-- EXERCISE AIM --
Copy nothing from the entries below except the lines from the one containing "or misses its" through the one containing "when two equal", and copy those exactly.

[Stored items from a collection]
↓

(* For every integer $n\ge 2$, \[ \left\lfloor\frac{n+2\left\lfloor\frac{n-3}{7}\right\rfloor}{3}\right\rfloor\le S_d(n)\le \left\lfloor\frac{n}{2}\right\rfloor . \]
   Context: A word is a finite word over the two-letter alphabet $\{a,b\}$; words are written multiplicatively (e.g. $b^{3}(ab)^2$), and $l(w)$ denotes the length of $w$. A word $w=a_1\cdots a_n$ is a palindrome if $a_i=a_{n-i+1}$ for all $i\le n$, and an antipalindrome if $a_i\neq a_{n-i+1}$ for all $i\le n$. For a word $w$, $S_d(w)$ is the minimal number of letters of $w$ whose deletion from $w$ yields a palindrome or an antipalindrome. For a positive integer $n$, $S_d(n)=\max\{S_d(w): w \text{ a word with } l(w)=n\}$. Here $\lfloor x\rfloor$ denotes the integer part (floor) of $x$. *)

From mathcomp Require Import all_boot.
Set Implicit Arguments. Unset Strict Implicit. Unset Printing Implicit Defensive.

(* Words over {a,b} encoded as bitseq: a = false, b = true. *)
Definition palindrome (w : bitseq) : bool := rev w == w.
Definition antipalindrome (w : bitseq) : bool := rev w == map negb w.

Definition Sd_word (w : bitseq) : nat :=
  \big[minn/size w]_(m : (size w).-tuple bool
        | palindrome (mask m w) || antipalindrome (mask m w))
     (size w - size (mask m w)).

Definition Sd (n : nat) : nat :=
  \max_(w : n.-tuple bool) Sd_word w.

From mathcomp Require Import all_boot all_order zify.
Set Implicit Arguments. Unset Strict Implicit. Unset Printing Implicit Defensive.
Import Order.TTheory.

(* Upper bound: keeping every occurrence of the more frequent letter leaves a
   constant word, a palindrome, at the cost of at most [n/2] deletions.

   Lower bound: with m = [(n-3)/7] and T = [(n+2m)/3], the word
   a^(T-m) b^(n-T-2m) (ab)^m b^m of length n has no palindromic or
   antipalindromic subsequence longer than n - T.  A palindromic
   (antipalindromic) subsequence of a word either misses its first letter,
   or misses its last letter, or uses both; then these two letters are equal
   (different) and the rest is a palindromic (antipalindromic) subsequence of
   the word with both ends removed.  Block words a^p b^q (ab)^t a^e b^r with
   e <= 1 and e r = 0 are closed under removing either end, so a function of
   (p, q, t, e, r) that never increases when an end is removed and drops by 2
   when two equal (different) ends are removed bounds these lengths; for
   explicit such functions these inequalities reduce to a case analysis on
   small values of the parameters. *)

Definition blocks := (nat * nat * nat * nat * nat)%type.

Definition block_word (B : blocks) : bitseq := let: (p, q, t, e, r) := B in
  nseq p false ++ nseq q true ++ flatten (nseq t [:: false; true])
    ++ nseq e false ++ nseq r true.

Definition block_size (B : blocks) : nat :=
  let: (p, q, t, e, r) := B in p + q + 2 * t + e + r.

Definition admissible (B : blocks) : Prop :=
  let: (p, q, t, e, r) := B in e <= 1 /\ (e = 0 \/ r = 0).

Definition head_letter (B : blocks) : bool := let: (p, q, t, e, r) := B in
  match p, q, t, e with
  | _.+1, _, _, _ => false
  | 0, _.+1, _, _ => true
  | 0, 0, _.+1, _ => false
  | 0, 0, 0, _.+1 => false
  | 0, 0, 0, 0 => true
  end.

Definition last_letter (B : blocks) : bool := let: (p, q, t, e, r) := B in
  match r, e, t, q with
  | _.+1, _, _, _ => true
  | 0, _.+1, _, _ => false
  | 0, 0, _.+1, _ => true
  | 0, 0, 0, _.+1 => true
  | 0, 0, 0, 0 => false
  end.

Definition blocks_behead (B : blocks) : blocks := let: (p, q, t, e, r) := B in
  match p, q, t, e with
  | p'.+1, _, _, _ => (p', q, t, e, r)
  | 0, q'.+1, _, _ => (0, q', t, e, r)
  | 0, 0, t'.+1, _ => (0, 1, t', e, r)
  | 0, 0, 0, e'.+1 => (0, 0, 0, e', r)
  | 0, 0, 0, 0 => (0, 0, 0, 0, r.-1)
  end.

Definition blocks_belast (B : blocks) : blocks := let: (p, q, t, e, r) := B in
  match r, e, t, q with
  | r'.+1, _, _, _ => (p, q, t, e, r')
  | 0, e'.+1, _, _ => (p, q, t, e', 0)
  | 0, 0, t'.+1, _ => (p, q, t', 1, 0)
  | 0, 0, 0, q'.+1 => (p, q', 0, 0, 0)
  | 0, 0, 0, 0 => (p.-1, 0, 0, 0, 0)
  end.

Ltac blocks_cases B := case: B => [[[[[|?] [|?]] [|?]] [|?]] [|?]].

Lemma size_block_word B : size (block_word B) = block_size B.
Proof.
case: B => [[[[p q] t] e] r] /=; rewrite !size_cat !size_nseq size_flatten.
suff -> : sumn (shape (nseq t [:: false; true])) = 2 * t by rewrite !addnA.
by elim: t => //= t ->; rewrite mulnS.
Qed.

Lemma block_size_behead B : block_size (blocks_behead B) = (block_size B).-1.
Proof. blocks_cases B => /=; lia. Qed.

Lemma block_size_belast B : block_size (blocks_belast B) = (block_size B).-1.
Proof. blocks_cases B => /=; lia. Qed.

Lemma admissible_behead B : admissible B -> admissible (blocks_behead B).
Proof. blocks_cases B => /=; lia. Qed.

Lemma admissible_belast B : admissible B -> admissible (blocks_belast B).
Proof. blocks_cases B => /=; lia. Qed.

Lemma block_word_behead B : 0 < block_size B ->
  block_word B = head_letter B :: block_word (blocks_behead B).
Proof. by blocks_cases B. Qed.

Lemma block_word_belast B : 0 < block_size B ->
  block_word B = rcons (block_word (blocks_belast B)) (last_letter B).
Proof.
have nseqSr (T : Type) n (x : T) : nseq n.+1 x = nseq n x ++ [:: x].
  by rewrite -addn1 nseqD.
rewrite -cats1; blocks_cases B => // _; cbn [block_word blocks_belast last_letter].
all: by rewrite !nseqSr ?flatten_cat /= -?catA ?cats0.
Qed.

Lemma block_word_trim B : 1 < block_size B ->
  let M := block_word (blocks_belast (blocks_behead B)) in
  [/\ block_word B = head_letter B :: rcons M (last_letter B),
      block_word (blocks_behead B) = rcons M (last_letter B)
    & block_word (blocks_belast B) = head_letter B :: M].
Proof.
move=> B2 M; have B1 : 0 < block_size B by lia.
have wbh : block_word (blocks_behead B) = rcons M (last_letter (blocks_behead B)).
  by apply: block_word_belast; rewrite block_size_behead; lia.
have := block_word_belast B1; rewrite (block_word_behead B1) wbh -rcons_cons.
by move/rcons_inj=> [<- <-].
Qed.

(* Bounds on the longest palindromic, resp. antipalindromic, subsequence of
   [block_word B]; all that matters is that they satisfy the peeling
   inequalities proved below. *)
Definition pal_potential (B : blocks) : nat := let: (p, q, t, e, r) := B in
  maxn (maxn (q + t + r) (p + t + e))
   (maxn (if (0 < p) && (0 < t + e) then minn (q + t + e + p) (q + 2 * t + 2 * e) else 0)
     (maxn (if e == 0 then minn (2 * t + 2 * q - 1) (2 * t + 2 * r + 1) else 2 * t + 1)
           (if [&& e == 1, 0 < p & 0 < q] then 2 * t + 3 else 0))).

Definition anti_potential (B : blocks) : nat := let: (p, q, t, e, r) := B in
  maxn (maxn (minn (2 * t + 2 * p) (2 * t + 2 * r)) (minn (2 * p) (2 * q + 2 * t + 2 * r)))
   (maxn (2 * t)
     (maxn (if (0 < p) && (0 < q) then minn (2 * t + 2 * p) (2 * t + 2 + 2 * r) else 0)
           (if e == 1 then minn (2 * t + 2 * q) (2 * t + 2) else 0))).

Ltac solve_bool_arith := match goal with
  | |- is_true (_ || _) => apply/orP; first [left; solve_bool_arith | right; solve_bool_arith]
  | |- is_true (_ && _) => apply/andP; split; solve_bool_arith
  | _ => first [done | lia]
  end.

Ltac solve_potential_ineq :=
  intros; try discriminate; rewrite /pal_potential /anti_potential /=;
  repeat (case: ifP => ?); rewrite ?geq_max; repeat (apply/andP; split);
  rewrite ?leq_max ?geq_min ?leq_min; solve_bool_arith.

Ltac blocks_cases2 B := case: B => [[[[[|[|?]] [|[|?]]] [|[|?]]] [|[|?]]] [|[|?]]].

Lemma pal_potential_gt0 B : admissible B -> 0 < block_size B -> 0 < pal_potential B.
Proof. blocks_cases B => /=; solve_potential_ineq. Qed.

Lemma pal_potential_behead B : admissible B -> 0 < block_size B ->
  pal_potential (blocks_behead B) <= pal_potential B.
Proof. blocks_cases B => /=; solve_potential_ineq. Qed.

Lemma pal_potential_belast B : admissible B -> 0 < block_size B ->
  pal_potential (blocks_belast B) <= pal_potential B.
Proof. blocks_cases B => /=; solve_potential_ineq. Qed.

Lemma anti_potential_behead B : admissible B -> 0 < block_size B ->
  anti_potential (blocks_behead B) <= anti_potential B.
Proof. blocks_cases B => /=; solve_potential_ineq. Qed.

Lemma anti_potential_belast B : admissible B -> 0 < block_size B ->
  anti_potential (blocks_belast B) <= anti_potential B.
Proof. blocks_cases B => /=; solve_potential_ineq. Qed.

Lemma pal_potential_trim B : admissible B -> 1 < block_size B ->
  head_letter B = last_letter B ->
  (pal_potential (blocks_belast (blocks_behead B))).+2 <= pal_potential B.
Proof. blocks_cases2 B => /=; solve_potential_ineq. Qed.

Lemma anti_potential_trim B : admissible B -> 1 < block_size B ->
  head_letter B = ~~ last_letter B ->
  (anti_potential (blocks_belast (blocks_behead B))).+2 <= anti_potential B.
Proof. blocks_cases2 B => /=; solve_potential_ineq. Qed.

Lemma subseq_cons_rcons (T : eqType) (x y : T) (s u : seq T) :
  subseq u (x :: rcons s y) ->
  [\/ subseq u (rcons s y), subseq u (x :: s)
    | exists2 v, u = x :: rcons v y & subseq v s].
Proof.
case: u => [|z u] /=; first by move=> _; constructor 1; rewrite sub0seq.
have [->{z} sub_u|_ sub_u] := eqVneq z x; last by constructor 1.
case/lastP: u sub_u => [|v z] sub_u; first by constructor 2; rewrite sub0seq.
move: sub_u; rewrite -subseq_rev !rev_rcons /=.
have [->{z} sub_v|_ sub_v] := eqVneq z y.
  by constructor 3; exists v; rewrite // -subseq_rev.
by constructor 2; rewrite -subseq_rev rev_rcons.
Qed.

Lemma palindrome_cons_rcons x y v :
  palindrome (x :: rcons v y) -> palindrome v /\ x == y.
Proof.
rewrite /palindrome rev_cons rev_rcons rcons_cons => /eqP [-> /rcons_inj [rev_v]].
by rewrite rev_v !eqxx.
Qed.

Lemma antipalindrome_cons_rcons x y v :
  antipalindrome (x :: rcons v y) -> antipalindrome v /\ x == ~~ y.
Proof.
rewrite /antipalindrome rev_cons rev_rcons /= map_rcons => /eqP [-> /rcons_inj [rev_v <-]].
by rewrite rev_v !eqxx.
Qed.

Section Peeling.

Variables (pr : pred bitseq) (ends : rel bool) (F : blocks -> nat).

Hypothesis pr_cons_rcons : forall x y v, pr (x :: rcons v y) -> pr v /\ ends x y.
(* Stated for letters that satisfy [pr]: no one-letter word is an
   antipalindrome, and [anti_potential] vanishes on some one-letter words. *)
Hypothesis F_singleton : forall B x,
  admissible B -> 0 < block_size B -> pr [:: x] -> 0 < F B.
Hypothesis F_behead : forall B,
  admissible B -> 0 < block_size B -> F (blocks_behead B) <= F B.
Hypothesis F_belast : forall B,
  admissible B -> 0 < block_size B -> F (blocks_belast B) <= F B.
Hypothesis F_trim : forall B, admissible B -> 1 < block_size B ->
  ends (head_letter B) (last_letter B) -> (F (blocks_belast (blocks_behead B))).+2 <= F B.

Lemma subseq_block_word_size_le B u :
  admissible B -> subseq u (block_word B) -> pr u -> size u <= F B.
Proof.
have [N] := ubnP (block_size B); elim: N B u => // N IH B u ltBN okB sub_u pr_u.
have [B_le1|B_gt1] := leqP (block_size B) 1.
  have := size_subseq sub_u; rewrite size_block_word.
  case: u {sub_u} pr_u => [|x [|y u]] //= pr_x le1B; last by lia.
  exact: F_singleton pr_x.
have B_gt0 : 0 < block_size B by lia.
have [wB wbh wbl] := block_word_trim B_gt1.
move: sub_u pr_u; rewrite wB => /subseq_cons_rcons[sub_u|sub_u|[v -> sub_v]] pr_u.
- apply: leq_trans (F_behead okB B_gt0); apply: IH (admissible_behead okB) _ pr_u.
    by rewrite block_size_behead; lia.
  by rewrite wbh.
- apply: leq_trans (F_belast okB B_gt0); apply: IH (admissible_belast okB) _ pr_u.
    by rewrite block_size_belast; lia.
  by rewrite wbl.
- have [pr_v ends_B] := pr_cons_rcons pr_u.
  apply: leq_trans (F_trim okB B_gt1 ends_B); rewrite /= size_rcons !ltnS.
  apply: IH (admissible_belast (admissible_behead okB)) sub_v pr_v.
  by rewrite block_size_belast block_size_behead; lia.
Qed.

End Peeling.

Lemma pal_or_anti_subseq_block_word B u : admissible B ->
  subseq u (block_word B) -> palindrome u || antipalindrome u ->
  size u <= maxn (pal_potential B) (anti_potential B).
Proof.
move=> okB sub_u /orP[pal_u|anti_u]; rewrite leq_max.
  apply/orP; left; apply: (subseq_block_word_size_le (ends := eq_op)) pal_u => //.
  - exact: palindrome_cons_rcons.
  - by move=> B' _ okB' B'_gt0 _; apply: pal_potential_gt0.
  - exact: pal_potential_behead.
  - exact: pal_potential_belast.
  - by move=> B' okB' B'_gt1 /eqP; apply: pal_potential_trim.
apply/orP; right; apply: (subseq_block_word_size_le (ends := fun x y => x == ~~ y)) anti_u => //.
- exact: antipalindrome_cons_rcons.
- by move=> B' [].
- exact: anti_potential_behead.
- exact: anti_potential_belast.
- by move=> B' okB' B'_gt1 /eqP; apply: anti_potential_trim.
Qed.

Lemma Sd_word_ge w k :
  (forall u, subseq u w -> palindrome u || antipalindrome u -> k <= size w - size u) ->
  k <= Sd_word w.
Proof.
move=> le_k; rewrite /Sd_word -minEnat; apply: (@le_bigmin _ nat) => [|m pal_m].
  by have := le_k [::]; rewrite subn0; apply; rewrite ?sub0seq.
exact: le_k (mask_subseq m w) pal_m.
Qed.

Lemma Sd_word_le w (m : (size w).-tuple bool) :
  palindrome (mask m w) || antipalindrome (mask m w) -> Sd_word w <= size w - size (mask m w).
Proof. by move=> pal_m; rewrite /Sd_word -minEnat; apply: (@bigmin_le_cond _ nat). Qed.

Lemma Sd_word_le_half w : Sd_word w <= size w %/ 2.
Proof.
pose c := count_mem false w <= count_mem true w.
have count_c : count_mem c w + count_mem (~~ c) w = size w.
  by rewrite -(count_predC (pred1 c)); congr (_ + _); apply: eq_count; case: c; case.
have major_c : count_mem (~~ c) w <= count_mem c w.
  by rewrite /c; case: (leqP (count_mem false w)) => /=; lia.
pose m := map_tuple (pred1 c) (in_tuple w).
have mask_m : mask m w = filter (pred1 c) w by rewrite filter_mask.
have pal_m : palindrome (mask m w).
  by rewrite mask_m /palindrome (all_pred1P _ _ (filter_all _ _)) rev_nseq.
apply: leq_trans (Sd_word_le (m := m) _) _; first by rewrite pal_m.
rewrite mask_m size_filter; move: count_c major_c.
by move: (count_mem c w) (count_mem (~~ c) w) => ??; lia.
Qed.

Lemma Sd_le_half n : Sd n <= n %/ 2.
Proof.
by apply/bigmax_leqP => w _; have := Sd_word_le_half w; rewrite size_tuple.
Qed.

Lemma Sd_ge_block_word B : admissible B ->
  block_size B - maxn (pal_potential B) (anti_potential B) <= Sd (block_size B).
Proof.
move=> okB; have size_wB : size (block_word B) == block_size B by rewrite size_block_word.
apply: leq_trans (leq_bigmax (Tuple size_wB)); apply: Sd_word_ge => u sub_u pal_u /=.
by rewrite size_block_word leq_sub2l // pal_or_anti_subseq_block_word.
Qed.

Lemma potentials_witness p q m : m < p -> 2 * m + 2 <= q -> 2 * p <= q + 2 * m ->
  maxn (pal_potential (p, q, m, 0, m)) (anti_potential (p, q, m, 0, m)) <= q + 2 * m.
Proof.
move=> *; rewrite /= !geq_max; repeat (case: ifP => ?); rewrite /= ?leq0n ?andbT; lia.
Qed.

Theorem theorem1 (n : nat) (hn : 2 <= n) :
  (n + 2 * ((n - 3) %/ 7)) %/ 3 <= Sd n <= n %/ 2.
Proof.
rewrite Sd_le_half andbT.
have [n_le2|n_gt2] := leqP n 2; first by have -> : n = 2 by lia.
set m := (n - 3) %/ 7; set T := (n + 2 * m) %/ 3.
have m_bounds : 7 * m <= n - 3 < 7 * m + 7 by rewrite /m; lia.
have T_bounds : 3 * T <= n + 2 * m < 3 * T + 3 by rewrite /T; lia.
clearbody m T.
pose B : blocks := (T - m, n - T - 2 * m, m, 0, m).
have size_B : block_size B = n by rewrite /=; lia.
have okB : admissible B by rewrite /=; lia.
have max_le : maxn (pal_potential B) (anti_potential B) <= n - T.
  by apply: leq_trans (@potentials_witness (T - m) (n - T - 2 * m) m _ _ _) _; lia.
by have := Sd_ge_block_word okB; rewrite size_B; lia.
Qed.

↑

-- RESPONSE AREA --
   or misses its last letter, or uses both; then these two letters are equal
   (different) and the rest is a palindromic (antipalindromic) subsequence of
   the word with both ends removed.  Block words a^p b^q (ab)^t a^e b^r with
   e <= 1 and e r = 0 are closed under removing either end, so a function of
   (p, q, t, e, r) that never increases when an end is removed and drops by 2
   when two equal (different) ends are removed bounds these lengths; for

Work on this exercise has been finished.